You may use data sketches (HLL algorithms) to generate approximate results that are much faster
to retrieve. HLL is an algorithm that gives approximate answers for computing the number of
distinct values in a column. The value returned by this algorithm is similar to the result of
COUNT(DISTINCT col)
and the NDV
function integrated with
Impala. However, HLL algorithm is much faster than COUNT(DISTINCT col)
and the
NDV
function and is less memory-intensive for columns with high
cardinality.
These HLL algorithms create “sketches”, which are data structures containing an approximate calculation of some facet of the data and which are compatible regardless of which system reads or writes them. For e.g., This particular algorithm works in two phases. First it creates a sketch from the dataset provided for the algorithm and then as the second step in the process you can read the estimate from the sketch. Using this approach it’s also possible to create granular sketches for a specific dataset (e.g. one sketch per partition) and later on use them to provide answers for different count(distinct) queries without reading the actual data as they can also be merged together. Using HLL you can create sketches by Hive and read it with Impala for getting the estimate and vice versa.
Usage Notes
Query results produced by the HLL algorithm are approximate but within well defined error bounds. Because the number of distinct values in a column returned by this HLL algorithm is an estimate, it might not reflect the precise number of different values in the column, especially if the cardinality is very high.
Data Types
The following is a list of currently supported data types of the datasets that these HLL functions are compatible with.
Supported:
- Numeric Types:
TINYINT, INT, BIGINT, FLOAT, DOUBLE
- String types:
STRING, CHAR, VARCHAR
- Other types:
BINARY
Unsupported:
- Complex types
- Some of the scalar types: DECIMAL, TIMESTAMP, BOOLEAN, SMALLINT, DATE
File Formats
The currently supported file formats are ORC and Parquet. Since Impala does not yet have read support for materialized views, it is required for Hive to write the sketches into regular tables (i.e. not into a materialized view), using the BINARY type. Then Impala can be used to read these sketches and calculate the estimate as Hive does.
Limitations:
You can write HLL sketches into a text table, however it may not work as the serialized sketches can contain characters that are special for text format.
Internal Configuration
The configuration is hard coded and the level of compression is HLL_4 and the number of buckets in the HLL array is k=12 (2 power of 12).
Using HLL Sketches
This datasketch algorithm works in two phases.
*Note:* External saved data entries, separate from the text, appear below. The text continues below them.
Lemma is_piece_sub_len {X l} : is_piece c X -> 0 <= l <= len X ->
  exists Y, [/\ is_piece c Y, Y `<=` X & len Y = l].
Proof.
case/is_pieceP => s [+ + ->]; elim: s l => [|p s IH] l.
  move=> _ _; rewrite cover_nil len_set0 => l00.
  by exists set0; rewrite -(le_anti l00) len_set0; split => //; exact: is_piece0.
move=> /= /andP[vp vs] /andP[ps pws].
have [p0 p1 p2] := and3P vp.
have pcover Z : Z `<=` cover s -> seg p `&` Z = set0.
  by move=> Zs; apply: subsetI_eq0 (seg_cover_disjoint p1 vs ps).
have [ppiece spiece] := (is_piece_seg vp, is_piece_cover vs).
rewrite cover_cons len_setU ?pcover // len_seg //.
move=> /andP[l0 hl]; have [lp|pl] := lerP l (p.2 - p.1).
  have vq : seg_in c (p.1, p.1 + l) by apply/and3P; split => /=; lra.
  exists (seg (p.1, p.1 + l)); split; first exact: is_piece_seg.
    by move=> x; rewrite /seg /= => /andP[? ?]; left; apply/andP; split; lra.
  by rewrite len_seg /=; lra.
have [|Y [pY Ys eY]] := IH (l - (p.2 - p.1)) vs pws; first by apply/andP; split; lra.
exists (seg p `|` Y); split; first exact: is_pieceU.
  by apply: setUS.
by rewrite len_setU ?pcover // len_seg // eY; lra.
Qed.

End Length.

Section Bundles.
Context {R : realType} {n m : nat} {c : R} {A : 'I_n -> bundle R m}.
Hypotheses (hc : 0 <= c) (hA : forall i, is_bundle c (A i)).
Implicit Types (S : {set 'I_n}) (W B : bundle R m).

Lemma common_piece S : is_piece c (common c A S).1.
Proof.
rewrite /common /= (_ : [set x | _] = [set x | forall i, i \in enum S -> (A i).1 x]).
  exact: is_piece_bigcap.
by apply/seteqP; split => x /= H i; rewrite ?mem_enum => iS; apply: H; rewrite ?mem_enum.
Qed.

Lemma bsub_commonP B S : B.1 `<=` cake c ->
  bsub B (common c A S) <-> forall i, i \in S -> bsub B (A i).
Proof.
move=> Bc; split => [[B1 B2] i iS|HB]; last split.
- split; first by move=> x /B1[_]; apply.
  apply: fintype.subset_trans B2 _; apply/fintype.subsetP => g.
  by rewrite inE => /forallP/(_ i)/implyP; apply.
- by move=> x Bx; split=> [|i /HB[/(_ x Bx)]]; first exact: Bc.
- apply/fintype.subsetP => g gB; rewrite inE; apply/forallP => i; apply/implyP => iS.
  by have [_ /fintype.subsetP] := HB i iS; apply.
Qed.

Lemma witness_common {t S B} : witness c A t S B -> bsub B (common c A S).
Proof. by case=> pB [HB _]; apply/bsub_commonP => //; exact: is_piece_sub. Qed.

Lemma witness_of_size S l k : 0 <= l <= len (common c A S).1 ->
  (k <= #|(common c A S).2|)%N -> exists B, witness c A (l + k%:R) S B.
Proof.
move=> hl /card_geqP[g [ug sg gG]].
have [Y [pY YP <-]] := is_piece_sub_len (common_piece S) hl.
have YGcommon : bsub (Y, [set x in g]%SET) (common c A S).
  by split => //; apply/fintype.subsetP => x; rewrite inE => /gG.
exists (Y, [set x in g]%SET); split => //; split.
  by apply/bsub_commonP => //; exact: is_piece_sub.
by rewrite /bsize cardsE (card_uniqP ug) sg.
Qed.
Lemma pi_jacobson_quot_mul :
  {morph \pi_jacobson_quot : x y / x * y >-> jacobson_quot_mul x y}.
Proof.
move=> x y; unlock jacobson_quot_mul; apply/jacobson_quot_eq.
set x' := repr _; set y' := repr _.
have Jx : in_jacobson (x - x') by apply/jacobson_quot_eq; rewrite reprK.
have Jy : in_jacobson (y - y') by apply/jacobson_quot_eq; rewrite reprK.
have -> : x * y - x' * y' = (x - x') * y + x' * (y - y').
  by rewrite mulrBl mulrBr addrA subrK.
exact: in_jacobsonD (in_jacobsonMr _ Jx) (in_jacobsonMl _ Jy).
Qed.
Canonical pi_jacobson_quot_mul_morph := PiMorph2 pi_jacobson_quot_mul.

Let one : jacobson_quot := \pi 1.

Fact jacobson_quot_mulA : associative jacobson_quot_mul.
Proof. by move=> a b c; rewrite -[a]reprK -[b]reprK -[c]reprK !piE mulrA. Qed.

Fact jacobson_quot_mul1q : left_id one jacobson_quot_mul.
Proof. by move=> a; rewrite -[a]reprK !piE mul1r. Qed.

Fact jacobson_quot_mulq1 : right_id one jacobson_quot_mul.
Proof. by move=> a; rewrite -[a]reprK !piE mulr1. Qed.

Fact jacobson_quot_mulDl : left_distributive jacobson_quot_mul +%R.
Proof. by move=> a b c; rewrite -[a]reprK -[b]reprK -[c]reprK !piE mulrDl. Qed.

Fact jacobson_quot_mulDr : right_distributive jacobson_quot_mul +%R.
Proof. by move=> a b c; rewrite -[a]reprK -[b]reprK -[c]reprK !piE mulrDr. Qed.

HB.instance Definition _ := GRing.Zmodule_isPzRing.Build jacobson_quot
  jacobson_quot_mulA jacobson_quot_mul1q jacobson_quot_mulq1
  jacobson_quot_mulDl jacobson_quot_mulDr.

End JacobsonQuotient.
- First it creates a sketch from the dataset provided for the algorithm.
- As the second step in the process the function provides an estimate from the sketch.
The following example shows how to create a sketch and to create an estimate from the sketch.
Creating a sketch
This query creates a sketch using the ds_hll_sketch
function from a column
date_string_col
containing the supported data type.
Select ds_hll_sketch(date_string_col) from tableName;
This query receives a primitive expression and returns a serialized HLL sketch that is not in a readble format.
Estimating the number of distinct values in a column
The following query returns a cardinality estimate (similarly to ndv() ) for that particular column (date_string_col)
by using the HLL function
ds_hll_estimate
.
Select ds_hll_estimate(ds_hll_sketch(date_string_col)) from tableName;
This query receives a primitive expression (column name) and then creates a sketch from the column, and then passes the sketch to the outer function that gives a cardinality estimate.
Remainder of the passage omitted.